[Required work]: The required answer is every line of the data containing the word "origin".

Data records:
(* Let $G=(V,E)$ be a finite connected simple graph with boundary $\delta V\subseteq V$ and rotation $\rho=(\rho_u)_{u\in V}$, let $G^{BU}$ be its blow-up graph with tails, and let $U$ be the facial quantum walk on $\mathbb{C}^{A^{BU}\cup A_{tl}}$ with coin $H=\begin{pmatrix}a&b\\c&d\end{pmatrix}$, where $H$ is unitary, $abcd\neq 0$ and $d\in\mathbb{R}$; put $\omega=-\det H$ (all as defined in the context). Let $\Psi\in\mathbb{C}^{A^{BU}\cup A_{tl}}$ satisfy $U\Psi=\Psi$ and let $\psi$ be its restriction to $A^{BU}$. Let $u,u'\in V$ be adjacent in $G$, let $e_{br}\in A_{br}$ be the bridge arc from $(u,u')$ to $(u',u)$, and let $e_{is},\epsilon_{is}\in A_{is}(u)$ and $e'_{is},\epsilon'_{is}\in A_{is}(u')$ be the island arcs with $t(e_{is})=o(e_{br})=o(\epsilon_{is})$ and $t(e'_{is})=t(e_{br})=o(\epsilon'_{is})$. Then $$\psi(\epsilon_{is})=\omega\,\psi(e'_{is}),\qquad \psi(\epsilon'_{is})=\omega\,\psi(e_{is}),$$ and $$\psi(e_{br})=\frac{\omega}{b}\bigl(\psi(e_{is})+d\,\psi(e'_{is})\bigr),\qquad \psi(\bar e_{br})=\frac{\omega}{b}\bigl(\psi(e'_{is})+d\,\psi(e_{is})\bigr).$$
   Context: Setting. $G=(V,E)$ is a finite connected simple graph and $\delta V\subseteq V$ a set of boundary vertices. To each $u\in\delta V$ a semi-infinite path (tail) is attached with origin $u$; let $\tau_u$ be the neighbour of $u$ on its tail. Let $\tilde N_u$ be the set of neighbours of $u$ in $G$, together with $\tau_u$ if $u\in\delta V$. A rotation is a family $\rho=(\rho_u)_{u\in V}$, where $\rho_u$ is a cyclic permutation of $\tilde N_u$ of length $|\tilde N_u|$. Blow-up graph. $V^{BU}=\{(u,v):u\in V,\ v\in\tilde N_u\}$. The arc set is $A^{BU}=A_{is}\sqcup A_{br}$: the island arcs $A_{is}$ are the arcs $(u,v)\to(u,\rho_u(v))$; the bridge arcs $A_{br}$ are the arcs $(u,v)\to(v,u)$ for $u,v\in V$ adjacent in $G$. For $e\in A_{br}$, $\bar e$ denotes the reverse bridge arc. $A_{is}(u)$ is the set of island arcs whose endpoints have first coordinate $u$. For an arc $e$, $o(e)$ and $t(e)$ denote its origin and terminus. Let $\delta V^{BU}=\{(u,\tau_u):u\in\delta V\}$. To each $x\in\delta V^{BU}$ a tail is attached: incoming arcs $e^x_0,e^x_1,\dots$ with $t(e^x_0)=x$ and $t(e^x_{j+1})=o(e^x_j)$, and their reverses $\bar e^x_0,\bar e^x_1,\dots$ (outgoing). $A_{tl}$ is the set of all tail arcs. Each $x\in V^{BU}$ has exactly one incoming and one outgoing island arc, and exactly one further incoming and one further outgoing arc (a bridge arc and its reverse if $x\notin\delta V^{BU}$; the tail arcs $e^x_0$ and $\bar e^x_0$ if $x\in\delta V^{BU}$). Facial quantum walk. $U$ acts on $\mathbb{C}^{A^{BU}\cup A_{tl}}$ by $(U\Psi)(e^x_j)=\Psi(e^x_{j+1})$ and $(U\Psi)(\bar e^x_{j+1})=\Psi(\bar e^x_j)$ for all $j\ge 0$ and $x\in\delta V^{BU}$. At every $x\in V^{BU}$, writing $e^{is}_+$ and $e^{br}_+$ for the incoming island and non-island arcs, and $e^{is}_-$ and $e^{br}_-$ for the outgoing island and non-island arcs, $$\begin{pmatrix}(U\Psi)(e^{is}_-)\\(U\Psi)(e^{br}_-)\end{pmatrix}=H\begin{pmatrix}\Psi(e^{is}_+)\\ \Psi(e^{br}_+)\end{pmatrix}.$$ *)

From HB Require Import structures.
From mathcomp Require Import all_boot all_order all_algebra all_fingroup.
From mathcomp Require Import reals.
From mathcomp.real_closed Require Import complex.
Set Implicit Arguments. Unset Strict Implicit. Unset Printing Implicit Defensive.
Import Order.TTheory GRing.Theory Num.Theory.
Local Open Scope ring_scope.

(* The extended neighbourhood  ~N_u  is encoded in [option V]:         *)
(*   Some v  <-> the neighbour v of u in G,                            *)
(*   None    <-> the tail neighbour tau_u (only present if u \in dV).  *)

Definition simple_graph (V : finType) (adj : rel V) : Prop :=
  symmetric adj /\ irreflexive adj.

Definition connected_graph (V : finType) (adj : rel V) : Prop :=
  forall u v : V, connect adj u v.

Definition Nt (V : finType) (adj : rel V) (dV : {set V}) (u : V) : pred (option V) :=
  fun y => match y with Some v => adj u v | None => u \in dV end.

(* rho_u is a cyclic permutation of ~N_u of length |~N_u|: it acts only  *)
(* on ~N_u and ~N_u is a single orbit of rho_u.                          *)
Definition rotation (V : finType) (adj : rel V) (dV : {set V})
    (rho : V -> {perm option V}) : Prop :=
  forall u : V,
    perm_on [set y | Nt adj dV u y] (rho u) /\
    (forall y z, Nt adj dV u y -> Nt adj dV u z ->
       exists k : nat, ((rho u) ^+ k)%g y = z).

(*   Island u y  : (u,y) -> (u, rho_u y)        (y \in ~N_u)            *)
(*   Bridge u v  : (u,v) -> (v,u)               (u,v adjacent)          *)
(*   TailIn u j  : e^x_j,  x = (u,tau_u)        (u \in dV)              *)
(*   TailOut u j : \bar e^x_j                   (u \in dV)              *)
(* Blow-up vertices are pairs (u,y) : V * option V with y \in ~N_u.     *)

Inductive Arc (V : Type) : Type :=
  | Island of V & option V
  | Bridge of V & V
  | TailIn of V & nat
  | TailOut of V & nat.

Section BlowUp.
Variables (V : finType) (adj : rel V) (dV : {set V}) (rho : V -> {perm option V}).

Definition valid_arc (a : Arc V) : bool :=
  match a with
  | Island u y => Nt adj dV u y
  | Bridge u v => adj u v
  | TailIn u _ => u \in dV
  | TailOut u _ => u \in dV
  end.

Definition in_Ais (u : V) (a : Arc V) : bool :=
  match a with Island w y => (w == u) && Nt adj dV w y | _ => false end.

(* origin / terminus, when they are vertices of the blow-up graph *)
Definition orig (a : Arc V) : option (V * option V) :=
  match a with
  | Island u y => Some (u, y)
  | Bridge u v => Some (u, Some v)
  | TailIn _ _ => None
  | TailOut u j => if j is 0 then Some (u, None) else None
  end.

Definition term (a : Arc V) : option (V * option V) :=
  match a with
  | Island u y => Some (u, rho u y)
  | Bridge u v => Some (v, Some u)
  | TailIn u j => if j is 0 then Some (u, None) else None
  | TailOut _ _ => None
  end.

Definition in_nonisland (u : V) (y : option V) : Arc V :=
  match y with Some v => Bridge v u | None => TailIn u 0 end.

Variable C : numClosedFieldType.
Variable H : 'M[C]_2.

Definition ca := H ord0 ord0.
Definition cb := H ord0 ord_max.
Definition cc := H ord_max ord0.
Definition cd := H ord_max ord_max.

(* At the blow-up vertex x = (u,y) the incoming island arc is
   Island u (rho_u^-1 y), the incoming non-island arc is in_nonisland u y,
   the outgoing island arc is Island u y and the outgoing non-island arc
   is Bridge u v (y = Some v) or TailOut u 0 (y = None).  *)
Definition walkU (Psi : Arc V -> C) (a : Arc V) : C :=
  match a with
  | Island u y =>
      ca * Psi (Island u (((rho u)^-1)%g y)) + cb * Psi (in_nonisland u y)
  | Bridge u v =>
      cc * Psi (Island u (((rho u)^-1)%g (Some v))) + cd * Psi (Bridge v u)
  | TailOut u 0 =>
      cc * Psi (Island u (((rho u)^-1)%g None)) + cd * Psi (TailIn u 0)
  | TailOut u j.+1 => Psi (TailOut u j)
  | TailIn u j => Psi (TailIn u j.+1)
  end.

End BlowUp.

Definition unitary_mx (C : numClosedFieldType) (n : nat) (M : 'M[C]_n) : Prop :=
  M *m (map_mx Num.conj M)^T = 1%:M.

From HB Require Import structures.
From mathcomp Require Import all_boot all_order all_algebra all_fingroup.
From mathcomp Require Import reals.
From mathcomp.real_closed Require Import complex.
From mathcomp Require Import ring.
Set Implicit Arguments. Unset Strict Implicit. Unset Printing Implicit Defensive.
Import Order.TTheory GRing.Theory Num.Theory.
Local Open Scope ring_scope.

(* The four fixed-point equations of U at the two blow-up vertices (u,u')
   and (u',u) involve only the six values of Psi on the arcs around the
   bridge, and form a linear system whose coefficients are the entries of H.
   Since H is unitary with d real, omega = -det H satisfies omega d = -a and
   omega (1 - d^2) = b c, and these two relations solve the system. *)

Lemma det_mx2 (R : comNzRingType) (A : 'M[R]_2) :
  \det A = A ord0 ord0 * A ord_max ord_max - A ord0 ord_max * A ord_max ord0.
Proof.
have lift01 : lift ord0 ord0 = ord_max :> 'I_2 by exact: val_inj.
have lift10 : lift ord_max ord0 = ord0 :> 'I_2 by exact: val_inj.
rewrite (expand_det_row _ ord0) !big_ord_recl big_ord0 /cofactor !det_mx11 !mxE /=.
by rewrite !lift01 lift10 expr0 expr1; ring.
Qed.

Section EdgeSystem.

Variables (F : fieldType) (a b c d w : F).
Hypotheses (w_mul_d : w * d = - a) (w_mul_1subd2 : w * (1 - d ^+ 2) = b * c).
Hypothesis bc_neq0 : b * c != 0.

Lemma edge_bridge_value (e e' B B' : F) :
  B = c * e + d * B' -> B' = c * e' + d * B -> B = w / b * (e + d * e').
Proof.
move=> defB defB'.
have k_neq0 : 1 - d ^+ 2 != 0.
  by apply: contraNneq bc_neq0 => k0; rewrite -w_mul_1subd2 k0 mulr0.
have b_neq0 : b != 0 by apply: contraNneq bc_neq0 => ->; rewrite mul0r.
have kB : (1 - d ^+ 2) * B = c * (e + d * e').
  by rewrite mulrBl mul1r {1}defB defB'; ring.
apply: (mulfI k_neq0); rewrite kB.
have -> : (1 - d ^+ 2) * (w / b * (e + d * e')) =
          w * (1 - d ^+ 2) / b * (e + d * e') by ring.
by rewrite w_mul_1subd2 [b * c]mulrC mulfK.
Qed.

Lemma edge_island_value (e e' B eps' : F) :
  eps' = a * e' + b * B -> B = w / b * (e + d * e') -> eps' = w * e.
Proof.
have b_neq0 : b != 0 by apply: contraNneq bc_neq0 => ->; rewrite mul0r.
move=> -> ->; rewrite mulrA mulrCA divff // mulr1 mulrDr mulrA w_mul_d.
by ring.
Qed.

Lemma edge_fixpoint_solution (e e' B B' eps eps' : F) :
  eps = a * e + b * B' -> B = c * e + d * B' ->
  eps' = a * e' + b * B -> B' = c * e' + d * B ->
  [/\ eps = w * e', eps' = w * e,
      B = w / b * (e + d * e') & B' = w / b * (e' + d * e)].
Proof.
move=> defeps defB defeps' defB'.
have valB := edge_bridge_value defB defB'.
have valB' := edge_bridge_value defB' defB.
by split; [apply: edge_island_value valB' | apply: edge_island_value valB |..].
Qed.

End EdgeSystem.

Section UnitaryCoin.

Variables (C : numClosedFieldType) (H : 'M[C]_2).
Hypotheses (unitH : unitary_mx H) (cd_real : cd H \is Num.real).

Lemma det_coin : \det H = ca H * cd H - cb H * cc H.
Proof. by rewrite det_mx2. Qed.

Lemma unitary_coin_entry (i j : 'I_2) :
  H i ord0 * (H j ord0)^* + H i ord_max * (H j ord_max)^* = (i == j)%:R.
Proof.
move/matrixP/(_ i j): unitH; rewrite !mxE => <-.
have lift_max : lift ord0 ord0 = ord_max :> 'I_2 by exact: val_inj.
by rewrite big_ord_recl big_ord1 !mxE lift_max.
Qed.

Lemma unitary_coin_orthogonal : ca H * (cc H)^* + cb H * cd H = 0.
Proof. by rewrite -[cd H](conj_Creal cd_real) unitary_coin_entry. Qed.

Lemma unitary_coin_normalized : cc H * (cc H)^* + cd H ^+ 2 = 1.
Proof.
by rewrite expr2 -{2}[cd H](conj_Creal cd_real) unitary_coin_entry.
Qed.

Lemma omega_mul_cd : - \det H * cd H = - ca H.
Proof.
have -> : - \det H * cd H = - ca H * (cc H * (cc H)^* + cd H ^+ 2)
                            + cc H * (ca H * (cc H)^* + cb H * cd H).
  by rewrite det_coin; ring.
by rewrite unitary_coin_orthogonal unitary_coin_normalized mulr1 mulr0 addr0.
Qed.

Lemma omega_mul_1subcd2 : - \det H * (1 - cd H ^+ 2) = cb H * cc H.
Proof. by rewrite mulrBr mulr1 expr2 mulrA omega_mul_cd det_coin; ring. Qed.

End UnitaryCoin.

Section IslandArcs.

Variables (V : finType) (adj : rel V) (dV : {set V}) (rho : V -> {perm option V}).

Lemma island_arc_from (u v : V) (e : Arc V) :
  in_Ais adj dV u e -> orig e = Some (u, Some v) -> e = Island u (Some v).
Proof. by case: e => // w y /andP[/eqP-> _] [] ->. Qed.

Lemma island_arc_to (u v : V) (e : Arc V) :
  in_Ais adj dV u e -> term rho e = Some (u, Some v) ->
  e = Island u ((rho u)^-1%g (Some v)).
Proof. by case: e => // w y /andP[/eqP-> _] [] <-; rewrite permK. Qed.

Variables (C : numClosedFieldType) (H : 'M[C]_2) (Psi : Arc V -> C).
Hypothesis Psi_fixed :
  forall a, valid_arc adj dV a -> walkU rho H Psi a = Psi a.

Lemma fixed_island_out (u v : V) : adj u v ->
  Psi (Island u (Some v)) =
  ca H * Psi (Island u ((rho u)^-1%g (Some v))) + cb H * Psi (Bridge v u).
Proof. by move=> uv; rewrite -[LHS]Psi_fixed. Qed.

Lemma fixed_bridge (u v : V) : adj u v ->
  Psi (Bridge u v) =
  cc H * Psi (Island u ((rho u)^-1%g (Some v))) + cd H * Psi (Bridge v u).
Proof. by move=> uv; rewrite -[LHS]Psi_fixed. Qed.

End IslandArcs.

Theorem mainTheorem1 (R : realType) (V : finType) (adj : rel V) (dV : {set V})
    (rho : V -> {perm option V}) (H : 'M[R[i]]_2)
    (Psi : Arc V -> R[i]) (u u' : V)
    (e_is eps_is e'_is eps'_is : Arc V) :
  simple_graph adj ->
  connected_graph adj ->
  rotation adj dV rho ->
  unitary_mx H ->
  ca H * cb H * cc H * cd H != 0 ->
  cd H \is Num.real ->
  (forall a, valid_arc adj dV a -> walkU rho H Psi a = Psi a) ->
  adj u u' ->
  in_Ais adj dV u e_is -> in_Ais adj dV u eps_is ->
  in_Ais adj dV u' e'_is -> in_Ais adj dV u' eps'_is ->
  term rho e_is = orig (Bridge u u') ->
  orig (Bridge u u') = orig eps_is ->
  term rho e'_is = term rho (Bridge u u') ->
  term rho (Bridge u u') = orig eps'_is ->
  let omega := - \det H in
  [/\ Psi eps_is = omega * Psi e'_is,
      Psi eps'_is = omega * Psi e_is,
      Psi (Bridge u u') = omega / cb H * (Psi e_is + cd H * Psi e'_is)
    & Psi (Bridge u' u) = omega / cb H * (Psi e'_is + cd H * Psi e_is)].
Proof.
move=> [adj_sym _] _ _ unitH abcd_neq0 cd_real Psi_fixed uu' e_in eps_in e'_in
  eps'_in e_to eps_from e'_to eps'_from omega.
have u'u : adj u' u by rewrite adj_sym.
rewrite (island_arc_to e_in e_to) (island_arc_from eps_in (esym eps_from)).
rewrite (island_arc_to e'_in e'_to) (island_arc_from eps'_in (esym eps'_from)).
have bc_neq0 : cb H * cc H != 0.
  by apply: contraNneq abcd_neq0 => bc0; rewrite -(mulrA (ca H)) bc0 mulr0 mul0r.
exact: (edge_fixpoint_solution (omega_mul_cd unitH cd_real)
  (omega_mul_1subcd2 unitH cd_real) bc_neq0
  (fixed_island_out Psi_fixed uu') (fixed_bridge Psi_fixed uu')
  (fixed_island_out Psi_fixed u'u) (fixed_bridge Psi_fixed u'u)).
Qed.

[Expected answer]:
   Context: Setting. $G=(V,E)$ is a finite connected simple graph and $\delta V\subseteq V$ a set of boundary vertices. To each $u\in\delta V$ a semi-infinite path (tail) is attached with origin $u$; let $\tau_u$ be the neighbour of $u$ on its tail. Let $\tilde N_u$ be the set of neighbours of $u$ in $G$, together with $\tau_u$ if $u\in\delta V$. A rotation is a family $\rho=(\rho_u)_{u\in V}$, where $\rho_u$ is a cyclic permutation of $\tilde N_u$ of length $|\tilde N_u|$. Blow-up graph. $V^{BU}=\{(u,v):u\in V,\ v\in\tilde N_u\}$. The arc set is $A^{BU}=A_{is}\sqcup A_{br}$: the island arcs $A_{is}$ are the arcs $(u,v)\to(u,\rho_u(v))$; the bridge arcs $A_{br}$ are the arcs $(u,v)\to(v,u)$ for $u,v\in V$ adjacent in $G$. For $e\in A_{br}$, $\bar e$ denotes the reverse bridge arc. $A_{is}(u)$ is the set of island arcs whose endpoints have first coordinate $u$. For an arc $e$, $o(e)$ and $t(e)$ denote its origin and terminus. Let $\delta V^{BU}=\{(u,\tau_u):u\in\delta V\}$. To each $x\in\delta V^{BU}$ a tail is attached: incoming arcs $e^x_0,e^x_1,\dots$ with $t(e^x_0)=x$ and $t(e^x_{j+1})=o(e^x_j)$, and their reverses $\bar e^x_0,\bar e^x_1,\dots$ (outgoing). $A_{tl}$ is the set of all tail arcs. Each $x\in V^{BU}$ has exactly one incoming and one outgoing island arc, and exactly one further incoming and one further outgoing arc (a bridge arc and its reverse if $x\notin\delta V^{BU}$; the tail arcs $e^x_0$ and $\bar e^x_0$ if $x\in\delta V^{BU}$). Facial quantum walk. $U$ acts on $\mathbb{C}^{A^{BU}\cup A_{tl}}$ by $(U\Psi)(e^x_j)=\Psi(e^x_{j+1})$ and $(U\Psi)(\bar e^x_{j+1})=\Psi(\bar e^x_j)$ for all $j\ge 0$ and $x\in\delta V^{BU}$. At every $x\in V^{BU}$, writing $e^{is}_+$ and $e^{br}_+$ for the incoming island and non-island arcs, and $e^{is}_-$ and $e^{br}_-$ for the outgoing island and non-island arcs, $$\begin{pmatrix}(U\Psi)(e^{is}_-)\\(U\Psi)(e^{br}_-)\end{pmatrix}=H\begin{pmatrix}\Psi(e^{is}_+)\\ \Psi(e^{br}_+)\end{pmatrix}.$$ *)
(* origin / terminus, when they are vertices of the blow-up graph *)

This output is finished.